_What you are asked to do_. From the entries that follow, gather each line holding the word "negbK".

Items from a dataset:
====

(* Let $m\in[\frac n3,\frac n2-1]$ be an integer and $\delta\in(0,2)$. Let $x$ be a random bit string in $\{0,1\}^n$ such that $\mathrm{DLB}(x)=2m+1$ and such that the bits $x_i$, $i\in[2m+3..n]$, are mutually independent, independent of the other bits, and uniformly distributed in $\{0,1\}$. Let $y$ be generated from $x$ by a unary unbiased variation operator $V$, and let $Y=(\mathrm{HLB}_\delta(y)-\mathrm{HLB}_\delta(x))\mathbb{1}_{\mathrm{DLB}(y)\ge\mathrm{DLB}(x)}$. Then $E[Y]\le\frac{16}{n^2}$.
   Context: Let $n$ be an even positive integer. For $x\in\{0,1\}^n$ consider the blocks $(x_{2\ell+1},x_{2\ell+2})$, $\ell=0,\dots,\frac n2-1$. If $x\neq(1,\dots,1)$, let $m$ be the smallest $\ell$ with $x_{2\ell+1}\neq 1$ or $x_{2\ell+2}\neq 1$, and define $\mathrm{DLB}(x)=2m+1$ if $x_{2m+1}+x_{2m+2}=0$ and $\mathrm{DLB}(x)=2m$ if $x_{2m+1}+x_{2m+2}=1$; set $\mathrm{DLB}(1,\dots,1)=n$. For $\delta\in(0,2)$, $\mathrm{HLB}_\delta(x)=2m$ if $\mathrm{DLB}(x)=2m+1$, $\mathrm{HLB}_\delta(x)=2m+2-\delta$ if $\mathrm{DLB}(x)=2m$ (for $m\in\{0,\dots,\frac n2-1\}$), and $\mathrm{HLB}_\delta(x)=n$ if $\mathrm{DLB}(x)=n$. A unary unbiased variation operator $V$ assigns to each $x\in\{0,1\}^n$ a probability distribution $V(x)$ on $\{0,1\}^n$ such that for all $x,y,z$, $\Pr[y=V(x)]=\Pr[y\oplus z=V(x\oplus z)]$, and for all permutations $\sigma$ of $[1..n]$, $\Pr[y=V(x)]=\Pr[\sigma(y)=V(\sigma(x))]$, where $\sigma(x)=(x_{\sigma(1)},\dots,x_{\sigma(n)})$. *)

(* Bit strings of length n are n.-tuple bool; the paper's bit
   x_i (1-based) is tnth x (i-1) (0-based index). *)
From HB Require Import structures.
From mathcomp Require Import all_boot all_order all_algebra all_fingroup.
Set Implicit Arguments. Unset Strict Implicit. Unset Printing Implicit Defensive.
Import Order.TTheory GRing.Theory Num.Theory.
Local Open Scope ring_scope.

Definition bits (n : nat) := (n.-tuple bool).

Definition xor_bits n (x z : bits n) : bits n := [tuple tnth x i (+) tnth z i | i < n].

Definition perm_bits n (s : {perm 'I_n}) (x : bits n) : bits n := [tuple tnth x (s i) | i < n].

Definition bit n (x : bits n) (k : nat) : bool := nth false x k.

(* smallest block index l (0-based) such that block (x_{2l+1},x_{2l+2}) is not (1,1);
   equals n./2 if no such block *)
Definition first_block n (x : bits n) : nat :=
  find (fun l => ~~ (bit x (2 * l) && bit x (2 * l).+1)) (iota 0 n./2).

Definition DLB n (x : bits n) : nat :=
  let l := first_block x in
  if l == n./2 then n
  else if ~~ bit x (2 * l) && ~~ bit x (2 * l).+1 then (2 * l).+1 else 2 * l.

Definition HLB (R : numDomainType) n (delta : R) (x : bits n) : R :=
  let l := first_block x in
  if l == n./2 then n%:R
  else if ~~ bit x (2 * l) && ~~ bit x (2 * l).+1 then (2 * l)%:R
  else (2 * l + 2)%:R - delta.

(* V x y = Pr[y = V(x)] *)
Definition unary_unbiased (R : numDomainType) n (V : bits n -> bits n -> R) : Prop :=
  [/\ (forall x y, 0 <= V x y),
      (forall x, \sum_(y : bits n) V x y = 1),
      (forall x y z, V x y = V (xor_bits x z) (xor_bits y z)) &
      (forall (s : {perm 'I_n}) x y, V x y = V (perm_bits s x) (perm_bits s y))].

Definition is_distr (R : numDomainType) n (p : bits n -> R) : Prop :=
  (forall x, 0 <= p x) /\ \sum_(x : bits n) p x = 1.

(* x and u agree on 0-based positions < k (paper: positions 1..k) *)
Definition agree_prefix n (k : nat) (x u : bits n) : bool :=
  [forall i : 'I_n, (i < k)%N ==> (tnth x i == tnth u i)].
(* x and w agree on 0-based positions >= k (paper: positions k+1..n) *)
Definition agree_suffix n (k : nat) (x w : bits n) : bool :=
  [forall i : 'I_n, (k <= i)%N ==> (tnth x i == tnth w i)].

(* If DLB x = 2m+1, then x starts with 1^{2m}00 and HLB x = 2m, so the gain Y
   vanishes unless y starts with 1^{2m+2}, in which case Y = HLB y - 2m.  The
   hypotheses make x uniform on the strings with prefix 1^{2m}00.  For every y
   with prefix 1^{2m+2}, invariance of V under xor makes Pr[V(x) = y] equal
   to 2^{-(n-2m-2)} Q, where Q is the probability that V(0) has prefix
   0^{2m}11.  Invariance under permutations makes V(0) uniform within each
   weight class, and within weight r the strings with that prefix have
   relative frequency C(n-2m-2, r-2) / C(n, r) <= 2 / (n(n-1)) as n <= 3m.
   Finally, pairing the blocks 00 and 11 by a bit flip shows that HLB averages
   at most 2a+2 over the strings with prefix 1^{2a}; hence
   E[Y] <= 4 Q <= 8 / (n(n-1)) <= 16 / n^2. *)

From HB Require Import structures.
From mathcomp Require Import all_boot all_order all_algebra all_fingroup.
From mathcomp Require Import zify ring lra.
Import Order.TTheory GRing.Theory Num.Theory.
Set Implicit Arguments. Unset Strict Implicit. Unset Printing Implicit Defensive.

Lemma leq_find_iota (p : pred nat) N l :
  l <= N -> (l <= find p (iota 0 N)) = all (predC p) (iota 0 l).
Proof.
move=> lN; rewrite -(subnKC lN) iotaD find_cat size_iota all_predC.
case: ifP => [p_l | _]; last by rewrite leq_addr.
by rewrite leqNgt -[X in _ < X](size_iota 0) -has_find p_l.
Qed.

Section Prefix.

Variable n : nat.
Implicit Types (x y z : bits n) (P Q : nat -> bool).

Definition prefix_is k P x : bool :=
  [forall i : 'I_n, (i < k) ==> (tnth x i == P i)].

Definition pattern P : bits n := [tuple P i | i < n].

Lemma prefix_isP k P x :
  k <= n -> reflect (forall i, i < k -> bit x i = P i) (prefix_is k P x).
Proof.
move=> kn; apply: (iffP forallP) => [xP i ik | xP i].
  have iN : i < n by apply: leq_trans ik kn.
  by move/implyP/(_ ik)/eqP: (xP (Ordinal iN)); rewrite (tnth_nth false).
by apply/implyP => ik; rewrite (tnth_nth false) -/(bit x i) xP.
Qed.

Lemma prefix_isS k P x :
  k < n -> prefix_is k.+1 P x = prefix_is k P x && (bit x k == P k).
Proof.
move=> kn; have kn' := ltnW kn.
apply/(prefix_isP _ _ kn)/andP => [xP | [/(prefix_isP _ _ kn') xP /eqP xk] i].
  by split; [apply/(prefix_isP _ _ kn') => i ik; apply: xP; apply: ltnW | rewrite xP].
by rewrite ltnS leq_eqVlt => /orP [/eqP -> | /xP].
Qed.

Lemma eq_prefix_is k P Q :
  (forall i, i < k -> P i = Q i) -> prefix_is k P =1 prefix_is k Q.
Proof. by move=> PQ x; apply: eq_forallb => i; case: ltnP => // /PQ ->. Qed.

Lemma prefix_is_xor k P Q x y : prefix_is k Q y ->
  prefix_is k P (xor_bits x y) = prefix_is k (fun i => P i (+) Q i) x.
Proof.
move=> /forallP yQ; apply: eq_forallb => i; case: ltnP => //= ik.
move/implyP/(_ ik)/eqP: (yQ i) => yi; rewrite tnth_mktuple yi.
by case: (tnth x i); case: (P i); case: (Q i).
Qed.

Lemma prefix_is_pattern k P : prefix_is k P (pattern P).
Proof. by apply/forallP => i; rewrite tnth_mktuple eqxx implybT. Qed.

Lemma prefix_is_agree k P x y :
  prefix_is k P x -> prefix_is k P y -> agree_prefix k x y.
Proof.
move=> /forallP xP /forallP yP; apply/forallP => i; apply/implyP => ik.
by move: (xP i) (yP i); rewrite ik => /eqP -> /eqP ->.
Qed.

Lemma agree_prefix_suffix k x y :
  agree_prefix k x y && agree_suffix k x y = (x == y).
Proof.
apply/andP/eqP => [[/forallP pre /forallP suf] | ->]; last first.
  by split; apply/forallP => i; rewrite eqxx implybT.
apply: eq_from_tnth => i; case: (ltnP i k) => ik.
  by move/implyP/(_ ik)/eqP: (pre i).
by move/implyP/(_ ik)/eqP: (suf i).
Qed.

Lemma xor_bitsK z : involutive (fun x => xor_bits x z).
Proof. by move=> x; apply: eq_from_tnth => i; rewrite !tnth_mktuple addbK. Qed.

Lemma xor_bitsC x y : xor_bits x y = xor_bits y x.
Proof. by apply: eq_from_tnth => i; rewrite !tnth_mktuple addbC. Qed.

Lemma xor_bitsxx x : xor_bits x x = pattern (fun=> false).
Proof. by apply: eq_from_tnth => i; rewrite !tnth_mktuple addbb. Qed.

Lemma reindex_xor_bits (R : Type) (idx : R) (op : Monoid.com_law idx) z
    (A : pred (bits n)) (F : bits n -> R) :
  \big[op/idx]_(x | A x) F x = \big[op/idx]_(x | A (xor_bits x z)) F (xor_bits x z).
Proof. exact: reindex_inj (inv_inj (xor_bitsK z)). Qed.

Lemma card_prefix_is k P Q :
  #|[pred x | prefix_is k P x]| = #|[pred x | prefix_is k Q x]|.
Proof.
rewrite -!sum1_card (reindex_xor_bits _ (pattern (fun i => P i (+) Q i))).
apply: eq_bigl => x; rewrite !inE (prefix_is_xor _ _ (prefix_is_pattern _ _)).
by apply: eq_prefix_is => i _; rewrite addKb.
Qed.

Lemma take_prefix_is k P x : k <= n -> prefix_is k P x -> take k x = mkseq P k.
Proof.
move=> kn /(prefix_isP _ _ kn) xP.
apply: (@eq_from_nth _ false); first by rewrite size_takel ?size_tuple // size_mkseq.
move=> i; rewrite size_takel ?size_tuple // => ik.
by rewrite nth_take // nth_mkseq // -/(bit x i) xP.
Qed.

End Prefix.

Notation ones_prefix k := (prefix_is k (fun=> true)).
Notation zero_bits n := (pattern n (fun=> false)).

Section Blocks.

Variable n : nat.
Implicit Types x y : bits n.

Lemma first_block_le y : first_block y <= n./2.
Proof. by rewrite /first_block -[X in _ <= X](size_iota 0) find_size. Qed.

Lemma leq_first_block y l :
  l <= n./2 -> (l <= first_block y) = ones_prefix (2 * l) y.
Proof.
move=> ln; have l2n : 2 * l <= n by have := odd_double_half n; lia.
rewrite /first_block leq_find_iota //.
apply/allP/(prefix_isP _ _ l2n) => [blocks i il | ones j].
  have /andP [even odd] : bit y (2 * (i %/ 2)) && bit y (2 * (i %/ 2)).+1.
    by rewrite -[_ && _]negbK; apply: blocks; rewrite mem_iota; lia.
  by have [-> | ->] : i = 2 * (i %/ 2) \/ i = (2 * (i %/ 2)).+1 by lia.
by rewrite mem_iota => /andP [_ jl] /=; rewrite !ones ?negbK //; lia.
Qed.

Lemma ones_prefix_block y l : 2 * l + 2 <= n ->
  ones_prefix (2 * l + 2) y = ones_prefix (2 * l) y && (bit y (2 * l) && bit y (2 * l).+1).
Proof.
by move=> ln; rewrite addn2 !prefix_isS ?eqb_id -?andbA //; lia.
Qed.

Lemma ones_prefix_zero_block y l : 2 * l + 2 <= n ->
  prefix_is (2 * l + 2) (fun i => i < 2 * l) y
  = ones_prefix (2 * l) y && (~~ bit y (2 * l) && ~~ bit y (2 * l).+1).
Proof.
move=> ln; rewrite addn2 !prefix_isS ?ltnn ?ltnNge ?leqnSn ?eqbF_neg -?andbA; try lia.
by rewrite (eq_prefix_is (Q := fun=> true)).
Qed.

Hypothesis n_even : ~~ odd n.

Lemma DLB_first_block y : 2 * first_block y <= DLB y <= (2 * first_block y).+1.
Proof.
have := even_halfK n_even; rewrite /DLB; case: eqP => [-> | _]; first lia.
by case: ifP => _; lia.
Qed.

====

_Response to this task_.
    by rewrite -[_ && _]negbK; apply: blocks; rewrite mem_iota; lia.
by rewrite mem_iota => /andP [_ jl] /=; rewrite !ones ?negbK //; lia.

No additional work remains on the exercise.